━━ GIVEN RECORDS

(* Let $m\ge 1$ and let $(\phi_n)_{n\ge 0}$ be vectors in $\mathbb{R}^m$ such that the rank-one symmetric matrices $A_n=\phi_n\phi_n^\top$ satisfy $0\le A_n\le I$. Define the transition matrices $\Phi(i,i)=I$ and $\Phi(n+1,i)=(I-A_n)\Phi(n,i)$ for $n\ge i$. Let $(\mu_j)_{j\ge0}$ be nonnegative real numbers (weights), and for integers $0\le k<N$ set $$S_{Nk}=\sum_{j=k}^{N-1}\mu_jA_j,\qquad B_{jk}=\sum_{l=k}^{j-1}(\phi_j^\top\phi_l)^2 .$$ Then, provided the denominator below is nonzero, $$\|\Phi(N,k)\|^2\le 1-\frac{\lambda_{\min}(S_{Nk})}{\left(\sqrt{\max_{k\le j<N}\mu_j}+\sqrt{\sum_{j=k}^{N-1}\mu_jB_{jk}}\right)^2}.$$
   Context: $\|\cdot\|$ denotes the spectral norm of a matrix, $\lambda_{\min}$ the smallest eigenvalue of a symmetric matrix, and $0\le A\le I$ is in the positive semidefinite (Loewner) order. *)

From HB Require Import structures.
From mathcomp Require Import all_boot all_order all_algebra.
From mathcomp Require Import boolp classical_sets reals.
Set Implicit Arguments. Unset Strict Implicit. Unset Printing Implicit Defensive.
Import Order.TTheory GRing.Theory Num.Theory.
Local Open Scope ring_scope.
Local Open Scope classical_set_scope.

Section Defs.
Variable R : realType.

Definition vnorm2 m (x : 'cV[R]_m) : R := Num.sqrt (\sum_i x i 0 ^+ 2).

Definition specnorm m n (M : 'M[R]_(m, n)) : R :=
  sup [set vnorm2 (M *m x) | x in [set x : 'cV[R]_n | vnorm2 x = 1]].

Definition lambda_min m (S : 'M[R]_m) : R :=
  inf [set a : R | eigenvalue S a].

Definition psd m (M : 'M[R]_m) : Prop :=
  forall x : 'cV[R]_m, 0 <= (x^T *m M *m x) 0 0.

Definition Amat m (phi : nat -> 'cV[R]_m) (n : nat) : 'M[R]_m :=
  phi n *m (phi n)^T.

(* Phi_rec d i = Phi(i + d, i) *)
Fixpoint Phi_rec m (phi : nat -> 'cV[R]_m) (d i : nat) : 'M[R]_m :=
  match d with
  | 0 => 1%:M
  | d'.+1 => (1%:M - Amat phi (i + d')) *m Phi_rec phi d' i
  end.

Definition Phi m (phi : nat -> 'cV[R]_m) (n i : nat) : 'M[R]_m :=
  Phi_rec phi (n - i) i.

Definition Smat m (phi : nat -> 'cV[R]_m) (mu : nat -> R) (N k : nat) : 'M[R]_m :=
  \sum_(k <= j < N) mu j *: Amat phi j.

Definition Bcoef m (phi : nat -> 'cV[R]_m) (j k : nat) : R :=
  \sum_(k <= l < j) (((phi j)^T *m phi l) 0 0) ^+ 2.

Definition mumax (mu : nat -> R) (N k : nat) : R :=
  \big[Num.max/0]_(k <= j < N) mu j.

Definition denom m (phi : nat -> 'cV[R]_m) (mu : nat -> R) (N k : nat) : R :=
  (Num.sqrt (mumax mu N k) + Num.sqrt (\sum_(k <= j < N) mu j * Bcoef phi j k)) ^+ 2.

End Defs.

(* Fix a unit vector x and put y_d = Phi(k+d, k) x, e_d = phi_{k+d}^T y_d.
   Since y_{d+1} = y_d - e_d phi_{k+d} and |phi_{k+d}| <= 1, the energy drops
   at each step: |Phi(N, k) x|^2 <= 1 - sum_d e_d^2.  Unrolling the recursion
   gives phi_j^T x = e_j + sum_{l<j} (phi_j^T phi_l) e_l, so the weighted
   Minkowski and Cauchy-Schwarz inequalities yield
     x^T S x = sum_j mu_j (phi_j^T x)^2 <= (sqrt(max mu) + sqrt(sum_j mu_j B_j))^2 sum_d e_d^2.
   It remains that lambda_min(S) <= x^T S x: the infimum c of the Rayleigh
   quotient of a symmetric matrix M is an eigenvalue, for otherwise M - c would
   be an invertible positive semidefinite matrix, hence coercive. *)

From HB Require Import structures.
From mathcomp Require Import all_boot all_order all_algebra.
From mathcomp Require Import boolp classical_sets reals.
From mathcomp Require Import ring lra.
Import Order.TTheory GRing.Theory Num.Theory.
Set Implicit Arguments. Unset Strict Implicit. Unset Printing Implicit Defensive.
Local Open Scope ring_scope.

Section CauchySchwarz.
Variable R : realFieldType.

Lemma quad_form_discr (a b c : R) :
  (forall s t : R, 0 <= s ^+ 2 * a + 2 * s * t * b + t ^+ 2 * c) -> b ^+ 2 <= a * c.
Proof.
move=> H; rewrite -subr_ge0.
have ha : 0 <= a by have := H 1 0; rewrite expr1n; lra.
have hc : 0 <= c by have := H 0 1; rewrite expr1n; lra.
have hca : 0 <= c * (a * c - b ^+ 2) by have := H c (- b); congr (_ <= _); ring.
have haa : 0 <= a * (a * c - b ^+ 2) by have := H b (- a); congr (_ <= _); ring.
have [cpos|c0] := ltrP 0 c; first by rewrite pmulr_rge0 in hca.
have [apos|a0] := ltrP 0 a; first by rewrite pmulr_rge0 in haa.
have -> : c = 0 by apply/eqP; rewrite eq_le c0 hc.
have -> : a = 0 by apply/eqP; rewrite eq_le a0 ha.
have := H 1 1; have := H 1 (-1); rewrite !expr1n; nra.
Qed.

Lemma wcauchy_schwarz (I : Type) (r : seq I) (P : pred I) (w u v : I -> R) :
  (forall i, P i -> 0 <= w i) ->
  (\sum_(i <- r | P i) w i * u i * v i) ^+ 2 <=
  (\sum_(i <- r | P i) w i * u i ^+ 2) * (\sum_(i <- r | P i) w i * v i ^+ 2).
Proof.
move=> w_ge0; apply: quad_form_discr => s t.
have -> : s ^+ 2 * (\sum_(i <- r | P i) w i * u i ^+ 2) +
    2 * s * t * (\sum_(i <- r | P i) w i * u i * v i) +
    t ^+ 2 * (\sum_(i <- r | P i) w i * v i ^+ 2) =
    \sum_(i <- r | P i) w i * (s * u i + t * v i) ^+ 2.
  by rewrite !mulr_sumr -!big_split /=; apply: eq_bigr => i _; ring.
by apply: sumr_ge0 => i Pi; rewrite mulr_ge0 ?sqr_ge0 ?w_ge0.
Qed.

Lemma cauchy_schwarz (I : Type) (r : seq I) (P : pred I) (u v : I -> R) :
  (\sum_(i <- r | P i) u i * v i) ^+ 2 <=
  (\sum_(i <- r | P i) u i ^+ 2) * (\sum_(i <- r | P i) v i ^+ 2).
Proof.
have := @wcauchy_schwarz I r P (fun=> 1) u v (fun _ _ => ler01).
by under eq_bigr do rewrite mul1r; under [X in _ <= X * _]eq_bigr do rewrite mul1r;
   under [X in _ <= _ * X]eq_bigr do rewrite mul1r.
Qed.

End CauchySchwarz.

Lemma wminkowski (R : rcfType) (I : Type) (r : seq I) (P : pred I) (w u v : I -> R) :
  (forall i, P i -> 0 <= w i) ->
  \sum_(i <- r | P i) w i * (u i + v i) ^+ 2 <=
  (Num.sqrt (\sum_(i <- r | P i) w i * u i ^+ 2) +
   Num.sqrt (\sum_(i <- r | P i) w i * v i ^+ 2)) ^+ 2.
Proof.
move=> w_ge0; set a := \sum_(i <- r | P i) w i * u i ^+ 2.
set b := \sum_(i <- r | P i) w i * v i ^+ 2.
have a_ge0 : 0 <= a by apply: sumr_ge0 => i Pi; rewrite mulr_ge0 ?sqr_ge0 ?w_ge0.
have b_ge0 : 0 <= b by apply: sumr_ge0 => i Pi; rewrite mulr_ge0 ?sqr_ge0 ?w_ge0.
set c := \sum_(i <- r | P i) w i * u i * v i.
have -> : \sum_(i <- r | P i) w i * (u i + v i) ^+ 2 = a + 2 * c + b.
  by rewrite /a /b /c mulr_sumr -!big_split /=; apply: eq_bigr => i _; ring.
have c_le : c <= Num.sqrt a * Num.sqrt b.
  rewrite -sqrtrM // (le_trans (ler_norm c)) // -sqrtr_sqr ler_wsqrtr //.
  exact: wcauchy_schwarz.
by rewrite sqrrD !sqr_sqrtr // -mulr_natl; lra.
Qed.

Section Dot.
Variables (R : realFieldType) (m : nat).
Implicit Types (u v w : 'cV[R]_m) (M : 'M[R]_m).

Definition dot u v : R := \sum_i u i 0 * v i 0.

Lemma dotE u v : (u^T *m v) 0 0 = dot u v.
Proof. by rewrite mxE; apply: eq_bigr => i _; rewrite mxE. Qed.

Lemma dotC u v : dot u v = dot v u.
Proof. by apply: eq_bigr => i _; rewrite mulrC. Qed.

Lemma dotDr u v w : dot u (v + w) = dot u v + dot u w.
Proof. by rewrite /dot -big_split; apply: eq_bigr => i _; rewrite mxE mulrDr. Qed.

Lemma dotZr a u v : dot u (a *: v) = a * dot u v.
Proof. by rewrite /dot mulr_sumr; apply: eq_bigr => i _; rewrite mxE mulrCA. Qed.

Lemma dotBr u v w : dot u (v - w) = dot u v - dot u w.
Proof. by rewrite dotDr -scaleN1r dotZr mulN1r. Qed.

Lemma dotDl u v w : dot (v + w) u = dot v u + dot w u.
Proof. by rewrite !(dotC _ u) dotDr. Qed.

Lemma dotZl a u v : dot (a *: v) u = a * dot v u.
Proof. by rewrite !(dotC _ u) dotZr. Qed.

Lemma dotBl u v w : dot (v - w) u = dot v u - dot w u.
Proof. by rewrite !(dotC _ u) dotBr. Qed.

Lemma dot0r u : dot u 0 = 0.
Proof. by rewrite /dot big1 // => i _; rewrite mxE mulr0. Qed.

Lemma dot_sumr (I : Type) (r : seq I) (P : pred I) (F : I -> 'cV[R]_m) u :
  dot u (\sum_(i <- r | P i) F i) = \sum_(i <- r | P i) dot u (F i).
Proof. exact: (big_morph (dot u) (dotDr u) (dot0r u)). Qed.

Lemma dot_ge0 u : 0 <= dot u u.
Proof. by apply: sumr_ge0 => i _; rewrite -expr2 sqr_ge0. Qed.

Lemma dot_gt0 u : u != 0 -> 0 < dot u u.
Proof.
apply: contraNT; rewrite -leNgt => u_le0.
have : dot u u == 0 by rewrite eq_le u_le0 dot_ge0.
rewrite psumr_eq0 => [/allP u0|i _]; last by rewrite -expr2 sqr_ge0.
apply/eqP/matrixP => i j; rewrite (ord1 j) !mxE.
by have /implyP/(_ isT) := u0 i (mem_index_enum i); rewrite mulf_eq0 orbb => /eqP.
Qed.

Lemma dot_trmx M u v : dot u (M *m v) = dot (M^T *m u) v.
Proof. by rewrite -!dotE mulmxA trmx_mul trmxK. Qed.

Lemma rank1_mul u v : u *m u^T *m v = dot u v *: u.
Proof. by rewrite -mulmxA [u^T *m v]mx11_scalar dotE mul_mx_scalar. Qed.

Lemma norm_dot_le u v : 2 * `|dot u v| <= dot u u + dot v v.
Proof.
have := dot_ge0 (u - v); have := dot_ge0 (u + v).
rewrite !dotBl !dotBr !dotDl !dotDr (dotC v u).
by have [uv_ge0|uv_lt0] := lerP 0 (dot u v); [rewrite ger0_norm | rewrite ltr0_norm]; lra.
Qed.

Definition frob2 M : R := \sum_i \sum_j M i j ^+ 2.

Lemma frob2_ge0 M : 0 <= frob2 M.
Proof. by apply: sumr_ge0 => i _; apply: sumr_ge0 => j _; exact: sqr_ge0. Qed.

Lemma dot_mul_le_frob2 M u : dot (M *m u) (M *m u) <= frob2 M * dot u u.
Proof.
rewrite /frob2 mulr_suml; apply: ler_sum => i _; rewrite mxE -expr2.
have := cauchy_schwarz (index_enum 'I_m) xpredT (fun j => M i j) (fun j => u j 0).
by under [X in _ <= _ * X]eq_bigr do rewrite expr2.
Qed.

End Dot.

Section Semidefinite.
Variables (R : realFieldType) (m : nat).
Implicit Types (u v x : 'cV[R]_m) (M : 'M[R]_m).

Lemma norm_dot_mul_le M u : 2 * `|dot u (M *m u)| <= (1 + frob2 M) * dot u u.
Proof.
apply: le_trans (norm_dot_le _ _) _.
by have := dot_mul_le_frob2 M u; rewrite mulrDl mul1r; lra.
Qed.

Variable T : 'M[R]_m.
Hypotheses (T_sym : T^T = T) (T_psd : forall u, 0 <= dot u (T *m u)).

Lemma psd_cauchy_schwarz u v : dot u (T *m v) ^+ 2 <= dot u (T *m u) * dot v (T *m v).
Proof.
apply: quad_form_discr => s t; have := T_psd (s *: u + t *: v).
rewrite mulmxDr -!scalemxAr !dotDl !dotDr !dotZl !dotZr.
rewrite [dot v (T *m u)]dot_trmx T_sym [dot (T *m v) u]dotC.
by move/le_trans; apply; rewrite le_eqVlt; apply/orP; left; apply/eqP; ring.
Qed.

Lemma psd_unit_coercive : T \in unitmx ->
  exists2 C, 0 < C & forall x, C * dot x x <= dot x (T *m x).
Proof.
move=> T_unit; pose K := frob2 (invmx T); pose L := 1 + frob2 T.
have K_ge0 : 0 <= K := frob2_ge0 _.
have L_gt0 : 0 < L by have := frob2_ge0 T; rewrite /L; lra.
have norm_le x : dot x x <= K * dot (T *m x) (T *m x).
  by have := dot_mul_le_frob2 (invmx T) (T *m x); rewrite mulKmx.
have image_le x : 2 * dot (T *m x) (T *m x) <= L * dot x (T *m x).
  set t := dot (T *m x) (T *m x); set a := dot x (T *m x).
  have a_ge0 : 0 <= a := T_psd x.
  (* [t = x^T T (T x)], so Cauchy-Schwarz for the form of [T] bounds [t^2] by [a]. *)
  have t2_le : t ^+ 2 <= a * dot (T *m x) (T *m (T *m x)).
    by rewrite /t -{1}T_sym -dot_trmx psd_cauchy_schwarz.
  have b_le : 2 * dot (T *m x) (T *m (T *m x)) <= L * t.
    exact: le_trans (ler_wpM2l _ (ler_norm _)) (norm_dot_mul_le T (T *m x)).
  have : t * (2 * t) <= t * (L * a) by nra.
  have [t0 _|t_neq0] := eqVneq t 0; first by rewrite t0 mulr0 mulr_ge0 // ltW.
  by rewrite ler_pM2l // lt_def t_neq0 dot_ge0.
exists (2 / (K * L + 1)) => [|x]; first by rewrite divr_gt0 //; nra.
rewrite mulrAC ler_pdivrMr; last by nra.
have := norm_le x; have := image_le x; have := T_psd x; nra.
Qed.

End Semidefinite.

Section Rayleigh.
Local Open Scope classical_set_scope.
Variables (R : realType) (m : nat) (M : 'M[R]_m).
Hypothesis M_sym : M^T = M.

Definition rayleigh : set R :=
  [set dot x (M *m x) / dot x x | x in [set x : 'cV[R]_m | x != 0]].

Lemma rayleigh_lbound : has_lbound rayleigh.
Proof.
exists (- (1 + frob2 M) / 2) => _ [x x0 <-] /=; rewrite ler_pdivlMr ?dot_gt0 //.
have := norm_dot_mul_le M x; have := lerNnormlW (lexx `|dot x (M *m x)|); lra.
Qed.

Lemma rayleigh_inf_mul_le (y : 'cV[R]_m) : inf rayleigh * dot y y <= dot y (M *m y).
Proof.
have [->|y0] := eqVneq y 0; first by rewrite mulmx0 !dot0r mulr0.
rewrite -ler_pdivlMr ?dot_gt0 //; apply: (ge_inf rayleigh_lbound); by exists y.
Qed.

━━━━

◆ **TASK TO CARRY OUT**
All lines above from the one containing "Lemma norm_dot_le u" to the one containing "have K_ge0 : 0 <= K := frob2_ge0 _." must be repeated exactly, both lines included, and no others.

◆ **WORKED SOLUTION**
Lemma norm_dot_le u v : 2 * `|dot u v| <= dot u u + dot v v.
Proof.
have := dot_ge0 (u - v); have := dot_ge0 (u + v).
rewrite !dotBl !dotBr !dotDl !dotDr (dotC v u).
by have [uv_ge0|uv_lt0] := lerP 0 (dot u v); [rewrite ger0_norm | rewrite ltr0_norm]; lra.
Qed.

Definition frob2 M : R := \sum_i \sum_j M i j ^+ 2.

Lemma frob2_ge0 M : 0 <= frob2 M.
Proof. by apply: sumr_ge0 => i _; apply: sumr_ge0 => j _; exact: sqr_ge0. Qed.

Lemma dot_mul_le_frob2 M u : dot (M *m u) (M *m u) <= frob2 M * dot u u.
Proof.
rewrite /frob2 mulr_suml; apply: ler_sum => i _; rewrite mxE -expr2.
have := cauchy_schwarz (index_enum 'I_m) xpredT (fun j => M i j) (fun j => u j 0).
by under [X in _ <= _ * X]eq_bigr do rewrite expr2.
Qed.

End Dot.

Section Semidefinite.
Variables (R : realFieldType) (m : nat).
Implicit Types (u v x : 'cV[R]_m) (M : 'M[R]_m).

Lemma norm_dot_mul_le M u : 2 * `|dot u (M *m u)| <= (1 + frob2 M) * dot u u.
Proof.
apply: le_trans (norm_dot_le _ _) _.
by have := dot_mul_le_frob2 M u; rewrite mulrDl mul1r; lra.
Qed.

Variable T : 'M[R]_m.
Hypotheses (T_sym : T^T = T) (T_psd : forall u, 0 <= dot u (T *m u)).

Lemma psd_cauchy_schwarz u v : dot u (T *m v) ^+ 2 <= dot u (T *m u) * dot v (T *m v).
Proof.
apply: quad_form_discr => s t; have := T_psd (s *: u + t *: v).
rewrite mulmxDr -!scalemxAr !dotDl !dotDr !dotZl !dotZr.
rewrite [dot v (T *m u)]dot_trmx T_sym [dot (T *m v) u]dotC.
by move/le_trans; apply; rewrite le_eqVlt; apply/orP; left; apply/eqP; ring.
Qed.

Lemma psd_unit_coercive : T \in unitmx ->
  exists2 C, 0 < C & forall x, C * dot x x <= dot x (T *m x).
Proof.
move=> T_unit; pose K := frob2 (invmx T); pose L := 1 + frob2 T.
have K_ge0 : 0 <= K := frob2_ge0 _.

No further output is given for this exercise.